The Minority Tipping Point and 'Race-Bridging': Racial Categories Make a Clear Demographic Picture Difficult
Has the population scale of the United States reached the minority tipping point? The National Center for Health Statistics and the U.S. Census Bureau differ in their assessments, so the nation remains unsure whether the birth rate of minorities has finally surpassed the birth rate of whites in America.
In 2012, the Census Bureau said more than 50.4 percent of U.S. babies were part of an ethnic minority; the bureau explained that "minority" means those who classify as non-Hispanic white. It also suggested that within three decades the U.S. will be a majority-minority nation, where more than 50 percent of all Americans would be non-white. However, the NCHS says the tipping point has yet to arrive, claiming that non-Hispanic white mothers still account for 54 percent of births, in spite of a drop in those births over the last several decades. White parents claim a smaller share of newborn children each year, a fact verified by both agencies.

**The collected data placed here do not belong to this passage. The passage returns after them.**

Definition njoint (i j : 'I_n) : nat :=
  \sum_(s in Bset n v l) ((map s (window t i) == zs) && (map s (window t j) == zs)).

Lemma njointC i j : njoint i j = njoint j i.
Proof. by apply: eq_bigr => s _; rewrite andbC. Qed.

Lemma njoint_overlap i d : 0 < d < t -> njoint i (cyc i d) = 0.
Proof.
move=> lt0dt; apply: big1 => s _; case: eqP => // occ_i; case: eqP => // occ_id.
have lt_d_size : 0 < d < size zs by rewrite zs_size.
move/eqP: (overlap_drop_take lt0dt occ_i occ_id).
by rewrite -zs_size (negbTE (zs_free lt_d_size)).
Qed.

Lemma njoint_disjoint i d : njoint i (cyc i d) =
  nmatch l (window t i ++ window t (cyc i d)) (zs ++ zs).
Proof.
apply: eq_bigr => s _.
by rewrite map_cat eqseq_cat // size_map size_window zs_size.
Qed.

(* For [j = cyc i d], the shifts 0 < d < t and n - t < d < n give overlapping
   windows, which cannot both spell the overlap-free [zs]. *)
Lemma sum_njoint i : 0 < t -> t + t <= n + 1 ->
  \sum_j njoint i j = nmatch l (window t i) zs
    + \sum_(t <= d < n - t + 1) nmatch l (window t i ++ window t (cyc i d)) (zs ++ zs).
Proof.
move=> t_gt0 le_2t_n1.
have cyc_i_inj : injective (fun d : 'I_n => cyc i d).
  by move=> d d' /(@cyc_inj n i d d' (ltn_ord d) (ltn_ord d')) /val_inj.
rewrite (reindex_inj cyc_i_inj) /= -(big_mkord xpredT (fun d => njoint i (cyc i d))).
rewrite (@big_cat_nat _ _ _ 1 0 n) //=; last lia.
rewrite big_nat1 (@big_cat_nat _ _ _ t 1 n) //=; try lia.
rewrite (@big_cat_nat _ _ _ (n - t + 1) t n) //=; try lia.
rewrite big_nat_cond big1 ?add0n => [|d /andP[lt_d _]]; last exact: njoint_overlap.
rewrite [X in _ + (_ + X)]big_nat_cond [X in _ + (_ + X)]big1 ?addn0 => [|d /andP[lt_d _]].
  rewrite cyc0; congr (_ + _); last by apply: eq_bigr => d _; rewrite njoint_disjoint.
  by apply: eq_bigr => s _; rewrite andbb.
rewrite njointC -{2}[i](@cyc_subnK n i d) ?njoint_overlap //; lia.
Qed.

End Occurrences.

Lemma size_zseq v t (z : 'I_t -> 'I_v) : size (zseq z) = t.
Proof. by rewrite size_map size_enum_ord. Qed.

Lemma cnt_count_mem v t (z : 'I_t -> 'I_v) a : cnt z a = count_mem a (zseq z).
Proof. by rewrite /cnt -sum1dep_card /zseq count_map -sum1_count big_enum_cond. Qed.

Lemma lamE n v t (z : 'I_t -> 'I_v) (s : {ffun 'I_n -> 'I_v}) :
  lam z s = \sum_(i : 'I_n) (map s (window t i) == zseq z : nat).
Proof.
rewrite /lam -sum1dep_card big_mkcond /=; apply: eq_bigr => i _.
have -> : map s (window t i) = [seq s (cyc i k) | k : 'I_t <- enum 'I_t].
  by rewrite /window -val_enum_ord -!map_comp.
congr (nat_of_bool _); apply/forallP/eqP => [occ | /eq_in_map occ k].
  by apply/eq_in_map => k _; apply/eqP/occ.
by apply/eqP/occ; rewrite mem_enum.
Qed.

Lemma card_Bset_gt0 v l : 0 < #|Bset (v * l) v l|.
Proof.
have v_gt0 (i : 'I_(v * l)) : 0 < v.
  by move: (leq_ltn_trans (leq0n i) (ltn_ord i)); rewrite muln_gt0 => /andP[].
pose s0 := [ffun i : 'I_(v * l) => Ordinal (ltn_pmod i (v_gt0 i))].
apply/card_gt0P; exists s0; rewrite inE; apply/forallP => a.
have v_gt0' : 0 < v := leq_ltn_trans (leq0n a) (ltn_ord a).
have lt_rva (r : 'I_l) : r * v + a < v * l.
  by have := ltn_ord a; have := ltn_ord r; nia.
pose f (r : 'I_l) : 'I_(v * l) := Ordinal (lt_rva r).
have f_inj : injective f.
  by move=> r r' /(congr1 val) /= /eqP; rewrite eqn_add2r eqn_pmul2r // => /eqP /val_inj.
have -> : [set i | s0 i == a] = f @: setT.
  apply/setP => i; rewrite inE ffunE; apply/eqP/imsetP => [eq_a | [r _ ->]].
    have lt_iv_l : i %/ v < l by rewrite ltn_divLR // [l * v]mulnC.
    by exists (Ordinal lt_iv_l) => //; apply: val_inj; rewrite /= -eq_a /= -divn_eq.
  by apply: val_inj; rewrite /= modnMDl modn_small.
by rewrite card_imset // cardsT card_ord.
Qed.

Lemma sum_count_mem v (ys : seq 'I_v) : \sum_(a < v) count_mem a ys = size ys.
Proof.
elim: ys => [|y ys IH] /=; first by rewrite big1.
rewrite big_split /= IH (bigD1 y) //= eqxx big1 ?addn0 ?add1n // => a /negbTE.
by rewrite eq_sym => ->.
Qed.

Lemma prod_ffact_count_eq0 v l (ys : seq 'I_v) :
  v * l < size ys -> \prod_(a < v) l ^_ (count_mem a ys) = 0.
Proof.
move=> lt_vl_ys; case: (pickP [pred a : 'I_v | l < count_mem a ys]) => [a lt_l_a | le_l].
  by rewrite (bigD1 a) //= ffact_small.
suff : size ys <= v * l by rewrite leqNgt lt_vl_ys.
rewrite -sum_count_mem -[v in v * l]card_ord -sum_nat_const.
by apply: leq_sum => a _; rewrite leqNgt (negbT (le_l a)).
Qed.

Lemma divr_natE (R : numFieldType) a b c d :
  0 < b -> 0 < d -> a * d = b * c -> (a%:R / b%:R = c%:R / d%:R :> R)%R.
Proof.
move=> b_gt0 d_gt0 eq_ad_bc; apply/eqP.
by rewrite eqr_div ?pnatr_eq0 -?lt0n // -!natrM eq_ad_bc mulnC.
Qed.

Section Moments.

Variables (v l t : nat) (z : 'I_t -> 'I_v).
Local Notation n := (v * l).
Local Notation zs := (zseq z).
Local Notation B := (Bset n v l).
Hypotheses (t_gt0 : 0 < t) (lt_2t2_n : 2 * t - 2 < n) (z_free : overlap_free zs).

Let P := \prod_(a < v) l ^_ (cnt z a).
Let Q := \prod_(a < v) l ^_ (2 * cnt z a).

Definition ndisjoint : nat :=
  \sum_(i : 'I_n) \sum_(t <= d < n - t + 1)
      nmatch l (window t i ++ window t (cyc i d)) (zs ++ zs).

Lemma sum_lam : \sum_(s in B) lam z s = \sum_(i : 'I_n) nmatch l (window t i) zs.
Proof. by under eq_bigr do rewrite lamE; rewrite exchange_big. Qed.

Lemma sum_lam_ffact : (\sum_(s in B) lam z s) * (n.-1) ^_ t.-1 = #|B| * P.
Proof.
have n_gt0 : 0 < n by lia.
have ffact_t : n ^_ t = n * (n.-1) ^_ t.-1 by rewrite -ffactnS prednK.
have le_tn : t <= n by lia.
have : (\sum_(s in B) lam z s) * n ^_ t = n * (#|B| * P).
  rewrite sum_lam big_distrl /= (eq_bigr (fun=> #|B| * P)) ?sum_nat_const ?card_ord // => i _.
  rewrite -[in n ^_ t](size_window t i) nmatch_ffact ?uniq_window ?size_window ?size_zseq //.
  by congr (_ * _); apply: eq_bigr => a _; rewrite cnt_count_mem.
by rewrite ffact_t mulnCA => /eqP; rewrite eqn_pmul2l // => /eqP.
Qed.

Lemma sum_lam_sq : \sum_(s in B) lam z s ^ 2 = \sum_(s in B) lam z s + ndisjoint.
Proof.
rewrite sum_lam /ndisjoint -big_split /=.
under eq_bigr do rewrite lamE expnS expn1 big_distrl /=.
rewrite exchange_big; apply: eq_bigr => i _.
under eq_bigr do rewrite big_distrr /=.
rewrite exchange_big -sum_njoint ?size_zseq //; last lia.
by apply: eq_bigr => j _; apply: eq_bigr => s _; rewrite mulnb.
Qed.

Lemma ndisjoint_ffact : ndisjoint * (n.-1) ^_ (2 * t - 2) = #|B| * Q.
Proof.
have Q_count : Q = \prod_(a < v) l ^_ (count_mem a (zs ++ zs)).
  by apply: eq_bigr => a _; rewrite count_cat cnt_count_mem addnn mul2n.
have [lt_n_2t | le_2t_n] := ltnP n (t + t).
  rewrite Q_count prod_ffact_count_eq0 ?size_cat ?size_zseq // muln0.
  by rewrite /ndisjoint big1 // => i _; rewrite big_geq //; lia.
set m := n - t + 1 - t.
have m_gt0 : 0 < m by lia.
have ffact_2t : n ^_ (t + t) = n * m * (n.-1) ^_ (2 * t - 2).
  have -> : t + t = (2 * t - 2).+2 by lia.
  have -> : m = n.-1 - (2 * t - 2) by lia.
  by rewrite ffactnS ffactnSr mulnA mulnAC.
have : ndisjoint * n ^_ (t + t) = n * m * (#|B| * Q).
  rewrite /ndisjoint big_distrl /= (eq_bigr (fun=> m * (#|B| * Q))); last first.
    move=> i _; rewrite big_distrl /= -sum_nat_const_nat.
    apply: eq_big_nat => d /andP[le_td lt_d].
    have sz : size (window t i ++ window t (cyc i d)) = size (zs ++ zs).
      by rewrite !size_cat !size_window size_zseq.
    have uniq_ii : uniq (window t i ++ window t (cyc i d)).
      by apply: uniq_window_cat => //; lia.
    by have := nmatch_ffact l uniq_ii sz; rewrite size_cat !size_window -Q_count.
  by rewrite sum_nat_const card_ord mulnA.
rewrite ffact_2t mulnCA => /eqP; rewrite eqn_pmul2l ?muln_gt0 ?m_gt0 ?andbT //; last lia.
by move/eqP.
Qed.

Local Open Scope ring_scope.

Lemma Exp_lam : Exp n v l (fun s => (lam z s)%:R) = P%:R / ((n.-1) ^_ t.-1)%:R.
Proof.
rewrite /Exp -natr_sum; apply: divr_natE; rewrite ?card_Bset_gt0 ?sum_lam_ffact //.
by rewrite ffact_gt0; lia.
Qed.

Lemma Exp_lam_sq : Exp n v l (fun s => (lam z s)%:R ^+ 2)
  = Exp n v l (fun s => (lam z s)%:R) + Q%:R / ((n.-1) ^_ (2 * t - 2))%:R.
Proof.
rewrite /Exp (eq_bigr (fun s => (lam z s ^ 2)%:R)) => [|s _]; last by rewrite natrX.
rewrite -!natr_sum sum_lam_sq natrD mulrDl; congr (_ + _).
apply: divr_natE; rewrite ?card_Bset_gt0 ?ndisjoint_ffact //.
by rewrite ffact_gt0; lia.
Qed.

End Moments.

Local Open Scope ring_scope.
Unset Implicit Arguments.

Theorem corollary4 (v l t : nat) (z : 'I_t -> 'I_v) :
  (2 <= v)%N -> (1 <= l)%N -> (1 <= t)%N -> (2 * t - 2 < v * l)%N ->
  (forall i : nat, (1 <= i < t)%N -> drop i (zseq z) != take (t - i) (zseq z)) ->
  let n := (v * l)%N in
  let P := (\prod_(a < v) l ^_ (cnt z a))%N in
  let Q := (\prod_(a < v) l ^_ (2 * cnt z a))%N in
  Var n v l (fun s => (lam z s)%:R)
  = P%:R / ((n.-1) ^_ t.-1)%:R - (P%:R / ((n.-1) ^_ t.-1)%:R) ^+ 2
    + Q%:R / ((n.-1) ^_ (2 * t - 2))%:R.
Proof.
move=> _ _ t_gt0 lt_2t2_n no_overlap n P Q.
have z_free : overlap_free (zseq z) by rewrite /overlap_free size_zseq.
by rewrite /Var (Exp_lam_sq t_gt0 lt_2t2_n z_free) (Exp_lam z t_gt0 lt_2t2_n) addrAC.
Qed.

Members of minority groups are younger and more likely to be of child-bearing age; Hispanic and black women, on average, have more children than Asian-American women and white women. Those facts remain true, but discrepancies arise when classifying the children.
BIRTH CERTIFICATE DATA
The Census Bureau classifies children based on the race and Hispanic origin of both parents, but the NCHS exclusively reports the mother's race. The two agencies use different methods when categorizing race. Both agencies' numbers are based on information from birth certificates from each state and Washington, D.C. The challenge of an accurate classification of children lies in the fact that the certificates hold limited information about the parent's race or Hispanic origin. Some certificates only include details about the mother, particularly for unmarried mothers. Some states don't use the same racial and ethnic categories on birth certificates. And, in the past, some states have opted to simply mark "Remainder of World," rather than identifying the nationality of a parent.
"RACE-BRIDGING"
Alabama, Arizona, Arkansas, Connecticut, New Jersey and West Virginia accounted for about 9 percent of U.S. births in 2013, and those six states don't allow parents to check more than one race box for parents to describe themselves. While the mixed-raced American population is relatively small (9 million people out of 308.7 million, according to the 2010 census), that demographic is disproportionately young and rapidly growing all over the nation.
The Census Bureau drafted the "race-bridging" protocol, where people of multiple races are assigned a single race using a "probability-based model derived from research into which category they would have chosen if they were permitted to choose only one race," according to Pew Research. When multiple-race people were asked to reclassify in 2000, 53 percent changed their selection to white, 24 percent to black, 15 percent to Asian or Pacific Islander and 9 percent American Indian or Alaska Native; completely doing away with reporting on mixed-raced mothers.
REVERSE "RACE-BRIDGING" & BIRTH DATA LAG
The Census Bureau reverses the "race-bridging" when they receive birth certificate data, reclassifying some single-race people into mixed-race if they live in a state that does not allow multiple races to be documented on birth certificates. The birth certificate data happens to be the main ingredient used by the Census Bureau. This faulty system converts some non-Hispanic whites to people of mixed race, adding to the count of minorities.
The Census Bureau makes these adjustments because they have to make early estimations and projections regarding age, sex, race, Hispanic origin, state, and distribution of foreign-born immigrants, due to yearlong delays when calculating population estimates. That fact is evident when seeing that July 2012's estimate, which was released in June 2013, only included birth data up to Jan. 1, 2011. In 2010, the bureau undertook a complex, multi-stage update process, which involved population patterns and racial identification by families; nonetheless, the "when" of the current or eventual minority tipping point remains a mystery.